Solving big systems of linear equations by hand

Question

I have a lot of systems of linear equations to solve by hand like this one: $ x_1 = 1+\frac{1}{4}(x_{1}+x_{2}+x_{4}+x_{5})$
$ x_2 = 1+\frac{1}{4}(x_{1}+x_{2}+x_{3}+x_{6})$
$ x_3 = 1+\frac{1}{4}(x_{2}+x_{3}+x_{4}+x_{7})$
$ x_4 = 1+\frac{1}{4}(x_{1}+x_{3}+x_{4})$
$ x_5 = 1+\frac{1}{4}(x_{1}+x_{5}+x_{6})$
$ x_6 = 1+\frac{1}{4}(x_{2}+x_{5}+x_{6}+x_{7})$
$ x_7 = 1+\frac{1}{4}(x_{3}+x_{6}+x_{7})$
What is the fastest way to solve it? By substitution? By addition? I tried to solve it by substition but it is a very slow method. Thank you.

Answer 1

I don't know if the following way (using addition) is the fastest, but I think it is not bad. Since $x_1=x_3=x_6,x_4=x_5=x_7$, there might be a better way.

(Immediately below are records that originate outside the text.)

Lemma card_ord_interval m lo hi : lo <= hi -> hi <= m ->
  #|[set i : 'I_m | lo <= i < hi]| = hi - lo.
Proof.
move=> le_lh le_hm; rewrite cardsE cardE /enum_mem size_filter -enumT.
by rewrite -(@count_iota_interval lo hi m) // -val_enum_ord count_map.
Qed.

Lemma card_ord_interval_compl m lo hi : lo <= hi -> hi <= m ->
  #|~: [set i : 'I_m | lo <= i < hi]| = m - (hi - lo).
Proof.
move=> le_lh le_hm; have := cardsC [set i : 'I_m | lo <= i < hi].
by rewrite card_ord_interval // card_ord; lia.
Qed.

Definition bswap_fun (m a b c : nat) (i : 'I_m) : 'I_m :=
  if a + b + c <= m then insubd i (block_swap a b c i) else i.
Arguments bswap_fun : clear implicits.

Lemma bswap_fun_inj m a b c : injective (bswap_fun m a b c).
Proof.
move=> i j; rewrite /bswap_fun; case: ifP => [le_m|_ //].
move/(congr1 val); rewrite !val_insubd !block_swap_lt // => /block_swap_inj.
exact: val_inj.
Qed.

Definition bswap (m a b c : nat) : 'S_m := perm (@bswap_fun_inj m a b c).

Lemma bswapE m a b c i : a + b + c <= m -> bswap m a b c i = block_swap a b c i :> nat.
Proof. by move=> le_m; rewrite permE /bswap_fun le_m val_insubd block_swap_lt. Qed.

Section BlockSwapPerm.
Variables (m a b c : nat).
Hypothesis le_m : a + b + c <= m.

Lemma bswapV : (bswap m a b c)^-1%g = bswap m a c b.
Proof.
have le_m' : a + c + b <= m by lia.
apply/permP => i; apply: (@perm_inj _ (bswap m a b c)); rewrite permKV.
by apply: val_inj; rewrite /= !bswapE // block_swapK.
Qed.

Lemma bswap_descent i : is_descent (bswap m a b c) i -> i.+1 = a + b.
Proof.
case/existsP=> j /andP[/eqP val_j]; rewrite !bswapE // val_j.
exact: block_swap_descent.
Qed.

Lemma grassmannian_bswap : grassmannian (bswap m a b c).
Proof.
apply/card_le1_eqP => i j; rewrite !inE => /bswap_descent di /bswap_descent dj.
by apply: ord_inj; lia.
Qed.

Lemma ninv_bswap : ninv (bswap m a b c) = b * c.
Proof.
rewrite /ninv (_ : b * c = (a + b - a) * (a + b + c - (a + b))); last by lia.
rewrite -(@card_ord_interval m a) -?(@card_ord_interval m (a + b)); try lia.
rewrite -cardsX; apply: eq_card => -[i j]; rewrite !inE /= !bswapE //.
by apply/andP/andP => [[]|[/andP[? ?] /andP[? ?]]]; block_swap_cases.
Qed.

(* An increasing subsequence cannot meet both exchanged blocks: every value on
   [a, a + b) exceeds every value on [a + b, a + b + c). *)
Lemma contains_id_bswap_bound k :
  contains_id k (bswap m a b c) -> (k <= m - b) || (k <= m - c).
Proof.
set s := bswap m a b c; case/existsP => f /forallP f_incr.
have f_lt (i j : 'I_k) : i < j -> (f i < f j) && (s (f i) < s (f j)).
  by move=> lt_ij; have /forallP/(_ j)/implyP := f_incr i; apply.
have f_inj : injective f.
  move=> i j eq_f; apply: ord_inj; case: (ltngtP i j) => // lt;
    by have := f_lt _ _ lt; rewrite eq_f ltnn.
have not_BC (i j : 'I_k) : a <= f i < a + b -> a + b <= f j < a + b + c -> False.
  move=> Bi Cj; case: (ltngtP i j) => [lt_ij|lt_ji|eq_ij].
  - by have := f_lt _ _ lt_ij; rewrite !bswapE //; move: Bi Cj; block_swap_cases.
  - by have := f_lt _ _ lt_ji; lia.
  - by move: Bi Cj; rewrite (ord_inj eq_ij); lia.
have card_im : #|f @: 'I_k| = k by rewrite card_imset // card_ord.
apply/orP; case: (boolP [exists i, a <= f i < a + b]) => [/existsP[i0 Bi0]|noB].
  right; rewrite -card_im (_ : m - c = m - (a + b + c - (a + b))); last by lia.
  rewrite -card_ord_interval_compl; try lia.
  apply/subset_leq_card/subsetP => _ /imsetP[i _ ->]; rewrite !inE.
  by apply/negP => Ci; apply: not_BC Bi0 Ci.
left; rewrite -card_im (_ : m - b = m - (a + b - a)); last by lia.
rewrite -card_ord_interval_compl; try lia.
apply/subset_leq_card/subsetP => _ /imsetP[i _ ->]; rewrite !inE.
by apply/negP => Bi; move/negP: noB; apply; apply/existsP; exists i.
Qed.
Lemma gap_le0 x : gap x <= 0.
Proof.
have [_ _ [_ s0_term] ET_fin [P_restart reach]] := M_ELP.
rewrite leNgt; apply/negP => gap_gt0.
pose sm := [arg max_(z > x) gap z]%O.
have gap_max z : gap z <= gap sm by rewrite /sm; case: arg_maxP => // i _; apply.
pose C := [set w | (w \notin Sbot M) && (gap w == gap sm)].
have C_succ z y : gap z = gap sm -> 0 < P M z (g z) y -> y \in C.
  move=> z_max P_gt0; have z_top w : gap w <= gap z by rewrite z_max.
  have z_gt0 : 0 < gap z by rewrite z_max (lt_le_trans gap_gt0 (gap_max x)).
  have [yN gap_y] := argmax_gap_succ z_top z_gt0 P_gt0.
  by rewrite inE yN gap_y z_max eqxx.
have [c _ P_c] : exists2 c, true & 0 < P M sm (g sm) c.
  by apply/(psumr_gt0P (fun c _ => P_ge0 sm (g sm) c)); rewrite P_sum1 ltr01.
have [pi0 [pol_pi0 [t0 occ_c]]] := reach c.
pose mu := switch_policy C g pi0.
have pol_mu : is_policy mu := switch_policyP C g pol_pi0.
have agree y b : y \notin C -> mu y b = pi0 y b.
  by rewrite /mu /switch_policy => /negbTE ->.
have [t [c' [c'C occ_c']]] :=
  occ_reach_switch P_ge0 pol_pi0 pol_mu agree (C_succ _ _ erefl P_c) occ_c.
have C_nonterminal z : z \in C -> z \notin Sbot M by rewrite inE => /andP[].
have [n alive_c'] :=
  alive_gt0_of_occ P_ge0 s0_term P_restart pol_mu (C_nonterminal _ c'C) occ_c'.
apply: (closed_alive_not_ET_finite P_ge0 P_sum1 pol_mu C_nonterminal _ c'C
  alive_c' (ET_fin mu pol_mu)).
move=> z b y zC; rewrite /mu /switch_policy zC.
case: eqP => [->|_] P_gt0; last by rewrite ltxx in P_gt0.
by apply: C_succ; move: zC; rewrite inE => /andP[_ /eqP].
Qed.

End FeasibleBelowFixpoint.
(* Let $d$ be a positive integer with $d \notin \{1, 3\}$, let $\mathbb{F}$ be a field, let $D_1 = \mathbb{F}((T))$, and let $D_2$ be a subring of $\overline{\mathbb{F}}^{\mathrm{alg}}((T))$. Consider the game of degree $d$ in which Nora and Wanda choose the polynomial coefficients from $D_1$. If Nora makes the last move, she can ensure that the final polynomial has no root in $D_2$.
   Context: $\mathbb{F}((T))$ denotes the field of formal Laurent series in the variable $T$ with coefficients in $\mathbb{F}$, and $\overline{\mathbb{F}}^{\mathrm{alg}}$ an algebraic closure of $\mathbb{F}$. The game: Nora and Wanda alternately choose coefficients of $f(x) = a_d x^d + \cdots + a_0$; on each move the current player picks a not-yet-chosen coefficient and assigns it a value in $D_1$, subject to $a_d \neq 0$, $a_0 \neq 0$. *)

From HB Require Import structures.
From mathcomp Require Import all_boot all_order all_algebra.
From Stdlib Require Import ClassicalEpsilon.

Set Implicit Arguments.
Unset Strict Implicit.
Unset Printing Implicit Defensive.

Import Order.TTheory GRing.Theory Num.Theory.
Local Open Scope ring_scope.

(* Formal Laurent series R((T)), represented as coefficient functions   *)
(* f : int -> R whose support is bounded below (f n = coefficient of   *)
(* T^n).  Equality of Laurent series is equality of these functions.   *)
Section Laurent.
Variable R : nzRingType.

Definition laurentP (f : int -> R) : Prop :=
  exists N : int, forall n : int, n < N -> f n = 0.

(* some lower bound for the support (any valid one; chosen classically) *)
Definition lbound (f : int -> R) : int :=
  epsilon (inhabits (0 : int)) (fun N : int => forall n : int, n < N -> f n = 0).

Definition lzero : int -> R := fun _ => 0.
Definition lone : int -> R := fun n => if n == 0 then 1 else 0.
Definition ladd (f g : int -> R) : int -> R := fun n => f n + g n.
Definition lopp (f : int -> R) : int -> R := fun n => - f n.
(* Cauchy product: (fg)_n = sum_{a <= k <= n - b} f_k g_{n-k} *)
Definition lmul (f g : int -> R) : int -> R := fun n =>
  let a := lbound f in let b := lbound g in
  \sum_(j < (absz (n - a - b)%R).+1) f (a + j%:Z)%R * g (n - a - j%:Z)%R.
Definition lpow (f : int -> R) (k : nat) : int -> R := iter k (lmul f) lone.

Definition is_lsubring (S : (int -> R) -> Prop) : Prop :=
  [/\ forall f, S f -> laurentP f,
      S lone,
      forall f g, S f -> S g -> S (ladd f g),
      forall f, S f -> S (lopp f) &
      forall f g, S f -> S g -> S (lmul f g)].

Definition leval (d : nat) (a : 'I_d.+1 -> int -> R) (x : int -> R) : int -> R :=
  fun n => \sum_(i < d.+1) lmul (a i) (lpow x i) n.

End Laurent.

(* The coefficient game of degree d.  A position records, for each     *)
(* index i (coefficient of x^i), either None (not yet chosen) or the   *)
(* chosen value.  With n coefficients still to be chosen, the mover is *)
(* Nora iff n is odd: this is exactly "Nora makes the last move".      *)
Section Game.
Variables (A : Type) (d : nat) (valid : 'I_d.+1 -> A -> Prop)
          (goal : ('I_d.+1 -> A) -> Prop) (dflt : A).

Definition upd (s : 'I_d.+1 -> option A) (i : 'I_d.+1) (c : A) : 'I_d.+1 -> option A :=
  fun j => if j == i then Some c else s j.

Fixpoint nora_wins_from (n : nat) (s : 'I_d.+1 -> option A) : Prop :=
  match n with
  | 0 => goal (fun i => odflt dflt (s i))
  | n'.+1 =>
      if odd n'.+1 then
        exists i c, [/\ s i = None, valid i c & nora_wins_from n' (upd s i c)]
      else
        forall i c, s i = None -> valid i c -> nora_wins_from n' (upd s i c)
  end.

$ x_1 = 1+\frac{1}{4}(x_{1}+x_{2}+x_{4}+x_{5})\quad\tag1$
$ x_2 = 1+\frac{1}{4}(x_{1}+x_{2}+x_{3}+x_{6})\quad\tag2$
$ x_3 = 1+\frac{1}{4}(x_{2}+x_{3}+x_{4}+x_{7})\quad\tag3$
$ x_4 = 1+\frac{1}{4}(x_{1}+x_{3}+x_{4})\quad\tag4$
$ x_5 = 1+\frac{1}{4}(x_{1}+x_{5}+x_{6})\quad\tag5$
$ x_6 = 1+\frac{1}{4}(x_{2}+x_{5}+x_{6}+x_{7})\quad\tag6$
$ x_7 = 1+\frac{1}{4}(x_{3}+x_{6}+x_{7})\quad\tag7$

From $(1)+(2)+(3)+(4)+(5)+(6)+(7)$, $$x_1+x_2+x_3+x_4+x_5+x_6+x_7=7+\frac 14(4x_1+4x_2+4x_3+4x_6+3x_4+3x_5+3x_7),$$ i.e. $$x_4+x_5+x_7=28\tag 8$$

From $(4)+(5)+(7)$ and $(8)$, $$x_4+x_5+x_7=3+\frac{1}{4}(2x_1+2x_3+2x_6+x_4+x_5+x_7),$$ i.e. $$x_1+x_3+x_6=36\tag9$$

From $(2)(9)$, $$3x_2=4+x_1+x_3+x_6\Rightarrow \color{red}{x_2=\frac{40}{3}}.$$

From $(1)+(2),(8),(9)$, $$x_1+x_2=2+\frac 14(2x_1+2x_2+x_3+x_4+x_5+x_6)\Rightarrow 9x_1+3x_7=136\tag{10}$$

From $(4)+(5),(8),(9)$, $$x_4+x_5=2+\frac 14(2x_1+x_3+x_4+x_5+x_6)\Rightarrow x_1+3x_7=40\tag{11}$$

From $(10),(11)$, $\color{red}{x_1=12},\color{red}{x_7=\frac{28}{3}}$.

From $(3),(4)$, $\color{red}{x_3=12},\color{red}{x_4=\frac{28}{3}}$.

From $(8),(9)$, $\color{red}{x_5=\frac{28}{3}},\color{red}{x_6=12}$.